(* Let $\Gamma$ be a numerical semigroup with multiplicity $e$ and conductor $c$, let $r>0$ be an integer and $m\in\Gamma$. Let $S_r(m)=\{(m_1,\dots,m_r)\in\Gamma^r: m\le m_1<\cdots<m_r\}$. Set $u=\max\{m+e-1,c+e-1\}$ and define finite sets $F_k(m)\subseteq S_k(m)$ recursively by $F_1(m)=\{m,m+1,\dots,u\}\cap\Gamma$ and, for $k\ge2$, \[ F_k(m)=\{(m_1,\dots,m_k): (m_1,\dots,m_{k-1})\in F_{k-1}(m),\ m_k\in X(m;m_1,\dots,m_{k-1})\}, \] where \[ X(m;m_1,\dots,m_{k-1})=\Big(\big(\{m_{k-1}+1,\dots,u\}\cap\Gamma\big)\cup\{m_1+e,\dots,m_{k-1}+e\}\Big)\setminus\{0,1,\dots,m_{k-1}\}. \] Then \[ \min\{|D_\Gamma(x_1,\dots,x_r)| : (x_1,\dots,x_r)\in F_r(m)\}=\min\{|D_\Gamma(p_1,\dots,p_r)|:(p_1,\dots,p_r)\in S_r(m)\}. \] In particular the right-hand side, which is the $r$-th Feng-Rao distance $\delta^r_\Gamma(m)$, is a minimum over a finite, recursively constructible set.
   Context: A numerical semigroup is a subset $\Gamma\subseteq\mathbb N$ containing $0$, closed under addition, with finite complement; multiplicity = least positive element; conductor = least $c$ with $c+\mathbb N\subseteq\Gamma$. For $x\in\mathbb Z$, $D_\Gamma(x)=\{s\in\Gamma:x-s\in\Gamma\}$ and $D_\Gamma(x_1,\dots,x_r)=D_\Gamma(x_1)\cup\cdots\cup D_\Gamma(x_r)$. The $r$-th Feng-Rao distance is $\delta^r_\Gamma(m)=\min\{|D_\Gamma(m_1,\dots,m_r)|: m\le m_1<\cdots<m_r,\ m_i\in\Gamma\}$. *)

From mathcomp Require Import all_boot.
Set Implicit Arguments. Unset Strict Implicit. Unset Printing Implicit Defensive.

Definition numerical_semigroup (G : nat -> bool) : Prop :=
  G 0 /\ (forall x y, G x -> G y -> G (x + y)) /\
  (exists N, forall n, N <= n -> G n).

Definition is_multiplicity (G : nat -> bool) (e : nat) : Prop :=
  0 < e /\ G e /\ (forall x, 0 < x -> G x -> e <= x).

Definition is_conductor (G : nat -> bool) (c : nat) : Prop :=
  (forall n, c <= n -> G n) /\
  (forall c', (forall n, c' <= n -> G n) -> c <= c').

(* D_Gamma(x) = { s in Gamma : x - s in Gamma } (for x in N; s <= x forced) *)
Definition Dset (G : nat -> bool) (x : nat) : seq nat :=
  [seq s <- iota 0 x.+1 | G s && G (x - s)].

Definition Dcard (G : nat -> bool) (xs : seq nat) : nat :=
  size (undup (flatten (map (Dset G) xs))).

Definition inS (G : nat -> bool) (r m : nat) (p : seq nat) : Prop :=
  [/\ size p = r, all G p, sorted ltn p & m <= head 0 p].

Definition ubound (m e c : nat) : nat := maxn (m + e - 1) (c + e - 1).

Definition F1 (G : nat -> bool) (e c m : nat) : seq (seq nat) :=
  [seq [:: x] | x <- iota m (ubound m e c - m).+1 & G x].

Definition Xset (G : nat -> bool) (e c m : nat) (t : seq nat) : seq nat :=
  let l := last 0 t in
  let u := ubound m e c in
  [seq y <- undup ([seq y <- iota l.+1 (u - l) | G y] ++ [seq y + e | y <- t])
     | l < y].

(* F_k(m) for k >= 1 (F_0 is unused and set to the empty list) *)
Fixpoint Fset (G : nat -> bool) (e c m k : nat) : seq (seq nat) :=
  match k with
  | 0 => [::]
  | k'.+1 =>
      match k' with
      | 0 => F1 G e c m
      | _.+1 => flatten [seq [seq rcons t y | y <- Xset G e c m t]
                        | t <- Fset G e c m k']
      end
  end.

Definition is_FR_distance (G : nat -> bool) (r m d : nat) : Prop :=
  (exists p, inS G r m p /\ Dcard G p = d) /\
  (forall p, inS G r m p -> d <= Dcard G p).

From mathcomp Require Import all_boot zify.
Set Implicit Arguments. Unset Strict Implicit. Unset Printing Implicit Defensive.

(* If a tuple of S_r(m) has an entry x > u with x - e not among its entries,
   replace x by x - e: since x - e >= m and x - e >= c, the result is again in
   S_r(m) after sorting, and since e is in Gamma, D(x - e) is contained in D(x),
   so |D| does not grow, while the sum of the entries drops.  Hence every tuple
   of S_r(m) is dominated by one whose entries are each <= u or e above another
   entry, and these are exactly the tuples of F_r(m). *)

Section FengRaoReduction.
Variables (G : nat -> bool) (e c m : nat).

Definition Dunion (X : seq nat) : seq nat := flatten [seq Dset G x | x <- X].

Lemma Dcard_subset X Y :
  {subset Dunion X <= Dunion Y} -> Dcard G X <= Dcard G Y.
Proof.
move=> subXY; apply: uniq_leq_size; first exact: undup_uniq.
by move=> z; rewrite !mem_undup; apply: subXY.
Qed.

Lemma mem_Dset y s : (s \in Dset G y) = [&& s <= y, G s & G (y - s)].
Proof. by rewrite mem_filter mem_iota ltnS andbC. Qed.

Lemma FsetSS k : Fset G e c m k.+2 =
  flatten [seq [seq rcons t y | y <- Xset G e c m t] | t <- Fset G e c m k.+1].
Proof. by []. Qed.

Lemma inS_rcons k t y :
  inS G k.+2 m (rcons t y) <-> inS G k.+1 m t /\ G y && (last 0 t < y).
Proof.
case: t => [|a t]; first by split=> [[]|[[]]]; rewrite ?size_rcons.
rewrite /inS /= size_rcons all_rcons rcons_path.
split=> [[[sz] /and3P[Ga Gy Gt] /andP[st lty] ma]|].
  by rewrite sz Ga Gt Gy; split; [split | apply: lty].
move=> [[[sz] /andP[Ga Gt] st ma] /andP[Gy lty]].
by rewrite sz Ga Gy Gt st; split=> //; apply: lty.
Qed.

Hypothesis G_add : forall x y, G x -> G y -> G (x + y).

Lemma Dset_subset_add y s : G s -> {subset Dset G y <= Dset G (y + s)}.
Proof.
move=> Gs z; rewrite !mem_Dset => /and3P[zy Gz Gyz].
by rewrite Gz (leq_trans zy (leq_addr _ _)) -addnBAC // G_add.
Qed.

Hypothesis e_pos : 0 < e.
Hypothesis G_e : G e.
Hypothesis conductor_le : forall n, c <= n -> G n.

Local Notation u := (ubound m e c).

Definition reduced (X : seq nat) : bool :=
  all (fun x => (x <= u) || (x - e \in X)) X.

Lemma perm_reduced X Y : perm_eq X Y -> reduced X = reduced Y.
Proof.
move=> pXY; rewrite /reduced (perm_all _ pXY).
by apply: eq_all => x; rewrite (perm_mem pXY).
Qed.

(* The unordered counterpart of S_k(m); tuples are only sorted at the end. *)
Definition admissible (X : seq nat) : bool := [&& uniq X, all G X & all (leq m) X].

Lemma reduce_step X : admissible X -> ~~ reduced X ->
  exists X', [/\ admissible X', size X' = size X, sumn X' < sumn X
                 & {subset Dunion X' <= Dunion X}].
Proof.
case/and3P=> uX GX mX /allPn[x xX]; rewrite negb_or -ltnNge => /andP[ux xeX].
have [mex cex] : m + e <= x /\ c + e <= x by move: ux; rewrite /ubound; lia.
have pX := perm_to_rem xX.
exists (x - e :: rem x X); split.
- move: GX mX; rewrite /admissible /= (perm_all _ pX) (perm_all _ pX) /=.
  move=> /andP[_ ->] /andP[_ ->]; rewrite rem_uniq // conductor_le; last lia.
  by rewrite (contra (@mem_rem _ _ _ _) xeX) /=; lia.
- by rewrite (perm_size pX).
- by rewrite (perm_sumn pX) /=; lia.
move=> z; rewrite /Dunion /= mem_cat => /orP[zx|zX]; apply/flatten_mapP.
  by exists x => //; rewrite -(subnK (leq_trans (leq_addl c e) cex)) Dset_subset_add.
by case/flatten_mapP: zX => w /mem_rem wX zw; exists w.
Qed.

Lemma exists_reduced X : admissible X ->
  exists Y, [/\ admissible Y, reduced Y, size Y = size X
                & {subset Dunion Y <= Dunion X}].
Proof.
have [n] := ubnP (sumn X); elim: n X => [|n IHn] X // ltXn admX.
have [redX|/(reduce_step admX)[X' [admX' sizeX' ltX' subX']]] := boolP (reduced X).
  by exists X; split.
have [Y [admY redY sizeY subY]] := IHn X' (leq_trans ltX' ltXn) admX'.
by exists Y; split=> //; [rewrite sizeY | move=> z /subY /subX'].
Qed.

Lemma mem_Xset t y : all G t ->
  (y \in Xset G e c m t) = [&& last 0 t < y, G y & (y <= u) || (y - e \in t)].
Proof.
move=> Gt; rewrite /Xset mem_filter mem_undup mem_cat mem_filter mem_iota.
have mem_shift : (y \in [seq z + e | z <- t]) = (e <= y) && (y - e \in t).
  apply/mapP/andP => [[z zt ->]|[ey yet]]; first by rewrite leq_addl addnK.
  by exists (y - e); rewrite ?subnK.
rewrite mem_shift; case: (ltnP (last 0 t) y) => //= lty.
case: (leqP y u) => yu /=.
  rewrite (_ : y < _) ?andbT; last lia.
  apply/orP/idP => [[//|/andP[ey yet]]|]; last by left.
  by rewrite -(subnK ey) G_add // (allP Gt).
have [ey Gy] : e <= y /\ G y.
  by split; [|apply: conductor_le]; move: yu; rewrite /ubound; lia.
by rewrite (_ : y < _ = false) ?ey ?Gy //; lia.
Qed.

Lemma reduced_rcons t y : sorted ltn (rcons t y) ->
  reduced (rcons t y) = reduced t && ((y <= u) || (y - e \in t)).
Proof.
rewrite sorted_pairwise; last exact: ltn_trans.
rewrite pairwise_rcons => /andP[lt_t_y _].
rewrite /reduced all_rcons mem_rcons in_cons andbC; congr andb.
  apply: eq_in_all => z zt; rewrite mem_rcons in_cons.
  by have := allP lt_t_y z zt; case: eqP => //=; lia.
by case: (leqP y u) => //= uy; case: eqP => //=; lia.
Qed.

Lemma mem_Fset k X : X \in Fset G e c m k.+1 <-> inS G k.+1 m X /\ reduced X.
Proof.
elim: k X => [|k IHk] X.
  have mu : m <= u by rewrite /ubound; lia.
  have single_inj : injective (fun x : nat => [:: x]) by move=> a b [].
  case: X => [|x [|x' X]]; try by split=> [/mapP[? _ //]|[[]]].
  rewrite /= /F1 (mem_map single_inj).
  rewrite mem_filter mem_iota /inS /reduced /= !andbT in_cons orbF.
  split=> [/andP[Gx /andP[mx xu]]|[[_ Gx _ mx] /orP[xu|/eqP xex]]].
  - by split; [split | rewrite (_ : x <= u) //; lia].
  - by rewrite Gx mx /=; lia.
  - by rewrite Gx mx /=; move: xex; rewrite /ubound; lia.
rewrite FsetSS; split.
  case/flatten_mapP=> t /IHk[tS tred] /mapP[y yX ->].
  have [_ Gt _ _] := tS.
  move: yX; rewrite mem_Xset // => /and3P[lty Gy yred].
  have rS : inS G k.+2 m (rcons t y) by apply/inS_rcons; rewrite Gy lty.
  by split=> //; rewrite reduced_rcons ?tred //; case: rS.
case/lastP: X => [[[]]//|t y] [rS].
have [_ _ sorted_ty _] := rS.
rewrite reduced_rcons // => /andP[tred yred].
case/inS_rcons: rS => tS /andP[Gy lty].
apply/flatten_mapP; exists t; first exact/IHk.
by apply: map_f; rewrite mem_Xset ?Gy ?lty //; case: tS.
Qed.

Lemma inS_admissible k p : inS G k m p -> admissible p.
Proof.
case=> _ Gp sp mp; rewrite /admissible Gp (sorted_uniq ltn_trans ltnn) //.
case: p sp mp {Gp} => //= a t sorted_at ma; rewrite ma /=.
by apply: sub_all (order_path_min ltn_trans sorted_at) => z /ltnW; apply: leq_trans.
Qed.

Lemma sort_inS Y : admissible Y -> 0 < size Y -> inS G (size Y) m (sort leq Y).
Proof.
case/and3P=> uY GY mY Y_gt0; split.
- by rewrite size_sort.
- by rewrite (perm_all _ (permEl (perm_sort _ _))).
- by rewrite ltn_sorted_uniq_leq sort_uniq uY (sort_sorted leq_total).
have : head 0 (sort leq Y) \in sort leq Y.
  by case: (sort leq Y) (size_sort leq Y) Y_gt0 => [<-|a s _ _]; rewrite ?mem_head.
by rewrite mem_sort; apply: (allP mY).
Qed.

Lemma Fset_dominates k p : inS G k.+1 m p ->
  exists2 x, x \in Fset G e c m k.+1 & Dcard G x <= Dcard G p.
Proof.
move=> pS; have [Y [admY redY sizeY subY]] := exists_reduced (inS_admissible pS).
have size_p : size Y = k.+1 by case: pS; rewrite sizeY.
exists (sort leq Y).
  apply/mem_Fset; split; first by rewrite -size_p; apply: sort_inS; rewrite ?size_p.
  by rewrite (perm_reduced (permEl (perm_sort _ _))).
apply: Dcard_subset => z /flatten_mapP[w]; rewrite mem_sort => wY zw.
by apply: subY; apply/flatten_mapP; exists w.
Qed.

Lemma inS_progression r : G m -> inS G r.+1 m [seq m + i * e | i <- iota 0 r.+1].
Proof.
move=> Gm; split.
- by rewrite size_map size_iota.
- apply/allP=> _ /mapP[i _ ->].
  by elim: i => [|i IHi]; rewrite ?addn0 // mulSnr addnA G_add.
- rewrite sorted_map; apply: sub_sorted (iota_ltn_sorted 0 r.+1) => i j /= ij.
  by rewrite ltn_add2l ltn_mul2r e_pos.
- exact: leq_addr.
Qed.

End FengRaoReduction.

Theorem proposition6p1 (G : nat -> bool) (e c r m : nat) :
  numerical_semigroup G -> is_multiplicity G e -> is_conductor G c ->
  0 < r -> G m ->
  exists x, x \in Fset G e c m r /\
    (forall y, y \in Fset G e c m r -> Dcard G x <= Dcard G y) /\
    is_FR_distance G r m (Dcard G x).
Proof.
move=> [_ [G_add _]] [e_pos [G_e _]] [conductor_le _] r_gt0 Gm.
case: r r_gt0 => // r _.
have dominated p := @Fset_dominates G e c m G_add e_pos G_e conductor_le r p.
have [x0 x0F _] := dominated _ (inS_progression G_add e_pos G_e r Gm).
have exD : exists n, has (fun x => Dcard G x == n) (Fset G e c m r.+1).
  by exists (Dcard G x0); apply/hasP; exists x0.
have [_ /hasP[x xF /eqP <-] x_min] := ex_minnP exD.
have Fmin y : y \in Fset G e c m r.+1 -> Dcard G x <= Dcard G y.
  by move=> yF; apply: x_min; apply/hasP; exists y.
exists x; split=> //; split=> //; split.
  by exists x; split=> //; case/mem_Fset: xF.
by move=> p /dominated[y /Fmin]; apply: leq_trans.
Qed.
■ ■ ■ ■ ■ ■ ■
> **What is needed**
Could you set down, exactly as written, the lines above between the one holding "by have := allP" and the one holding "have mu : m <= u by rewrite /ubound; lia.", inclusive, and nothing more?

> **Answer to this exercise**
  by have := allP lt_t_y z zt; case: eqP => //=; lia.
by case: (leqP y u) => //= uy; case: eqP => //=; lia.
Qed.

Lemma mem_Fset k X : X \in Fset G e c m k.+1 <-> inS G k.+1 m X /\ reduced X.
Proof.
elim: k X => [|k IHk] X.
  have mu : m <= u by rewrite /ubound; lia.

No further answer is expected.